3.2 Sensitivity Experiments

[31] The simulated surface rainfall and evaporation from all the Damped-wave sensitivity experiments are shown in the left columns of Figures 6 and 7, respectively; the WTG sensitivity experiments are shown in the right columns of the same figures. Basic statistics of rainfall are also shown in Table 1. We first discuss the Damped-wave sensitivity experiments.

Figure 6.

Daily rainfall from the experiments in which one time-varying forcing at a time is replaced by its time mean. Blue and black curves denote model results and budget-derived rain rate. Dashed curves indicate the full simulations shown in Figures 1c and 1d. (left) Damped-wave sensitivity experiments with winds, radiation, free tropospheric temperature, SST, and both SST and winds replaced by their time-mean values, respectively. (right) Same as in the left column but for WTG experiments. Bold values of correlation coefficient, r, indicate that it is statistically significant at the 95% level.

Figure 7.

The same as Figure 6 but for surface evaporation. Dashed curves indicate the full simulations shown in Figures 3c and 3d.
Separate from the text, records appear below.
Definition maximally_mixed (R : realType) d : 'M[R[i]]_d := (d%:R^-1) %:M.

Definition haar_sphere (R : realType) d
    (mu : probability (cvec R d) R) : Prop :=
  mu [set v : cvec R d | unit_vector v] = 1%E /\
  forall (U : 'M[R[i]]_d), unitary U ->
    forall A : set (cvec R d), measurable A ->
      mu ((fun v : cvec R d => (U *m v : cvec R d)) @^-1` A) = mu A.

(* outcome distribution of the uniform POVM {d |v><v| dv} on rho:       *)
(* density d <v|rho|v> with respect to dv                               *)
Definition povm_outcome_law (R : realType) d
    (mu : probability (cvec R d) R) (rho : 'M[R[i]]_d) (A : set (cvec R d))
    : \bar R :=
  (\int[mu]_(v in A) (d%:R * complex.Re (qform rho v))%:E)%E.

Definition iid_outcomes (R : realType) d dO (Omega : measurableType dO)
    (P : probability Omega R) (n : nat) (V : nat -> Omega -> cvec R d)
    (law : set (cvec R d) -> \bar R) : Prop :=
  (forall j, (j < n)%N -> measurable_fun setT (V j)) /\
  forall A : nat -> set (cvec R d), (forall j, (j < n)%N -> measurable (A j)) ->
    P (\bigcap_(j in `I_n) (V j @^-1` A j)) = (\prod_(j < n) law (A j))%E.

(* lower median (median of an odd-length list is its middle element)   *)
Definition median (R : realType) (s : seq R) : R :=
  nth 0 (sort <=%R s) ((size s).-1 %/ 2).

(* single-shot estimate (d+1)<v|O|v> - Tr[O]  (real for Hermitian O)    *)
Definition shadow_value (R : realType) d (O : 'M[R[i]]_d) (v : 'cV[R[i]]_d) : R :=
  complex.Re ((d.+1)%:R * qform O v - \tr O).
(* Let $G$ be a connected graph. If every optimal vector coloring of $G$ is locally injective, then $G$ is a core; likewise, if every optimal strict vector coloring of $G$ is locally injective, then $G$ is a core. In particular, if $G$ is uniquely vector colorable and its unique optimal vector coloring is locally injective, then $G$ is a core.
   Context: A vector $t$-coloring of $G$ ($t\ge2$) assigns unit vectors $p_i\in\mathbb{R}^d$ to vertices with $\langle p_i,p_j\rangle\le-1/(t-1)$ for all edges $ij$; it is strict if equality holds on all edges. $\chi_v(G)$ (resp. $\chi_{sv}(G)$) is the least $t\ge2$ admitting a (resp. strict) vector $t$-coloring; an optimal (strict) vector coloring is a (strict) vector $\chi_v(G)$- (resp. $\chi_{sv}(G)$-) coloring. $G$ is uniquely vector colorable if any two optimal vector colorings have the same Gram matrix. A vector coloring is locally injective if no two distinct vertices having a common neighbor are assigned the same vector. A graph homomorphism $G\to H$ is an adjacency-preserving map $V(G)\to V(H)$; $G$ is a core if every homomorphism $G\to G$ is an automorphism (equivalently, $G$ has no homomorphism to a proper subgraph). *)

From HB Require Import structures.
From mathcomp Require Import all_boot all_order all_algebra.
From mathcomp Require Import reals.
Set Implicit Arguments. Unset Strict Implicit. Unset Printing Implicit Defensive.
Import Order.TTheory GRing.Theory Num.Theory.
Local Open Scope ring_scope.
[32] In Figures 6a and 7a, in which surface winds are set to their time-mean value, the time means of both surface evaporation and rainfall are strongly reduced; the mean precipitation is reduced to 5.01 mm/d. The standard deviation of precipitation is also reduced to 6.04 mm/d. Despite the constant surface wind speed, some variability in surface evaporation still occurs; for example, evaporation is high during days 25–45. This is due to high SST, as can be seen from the Fix-SST experiment (Figures 6g and 7g), in which using time-mean SST leads to reductions in evaporation and rainfall during days 25–45. The role of surface turbulent fluxes overall can be assessed from the Fix-SST-winds experiment (Figures 6i and 7i), in which the mean and standard deviation of rainfall are 4.40 mm/d and 5.34 mm/d, respectively, and the correlation coefficient of the simulated and observed daily precipitation is reduced to 0.36.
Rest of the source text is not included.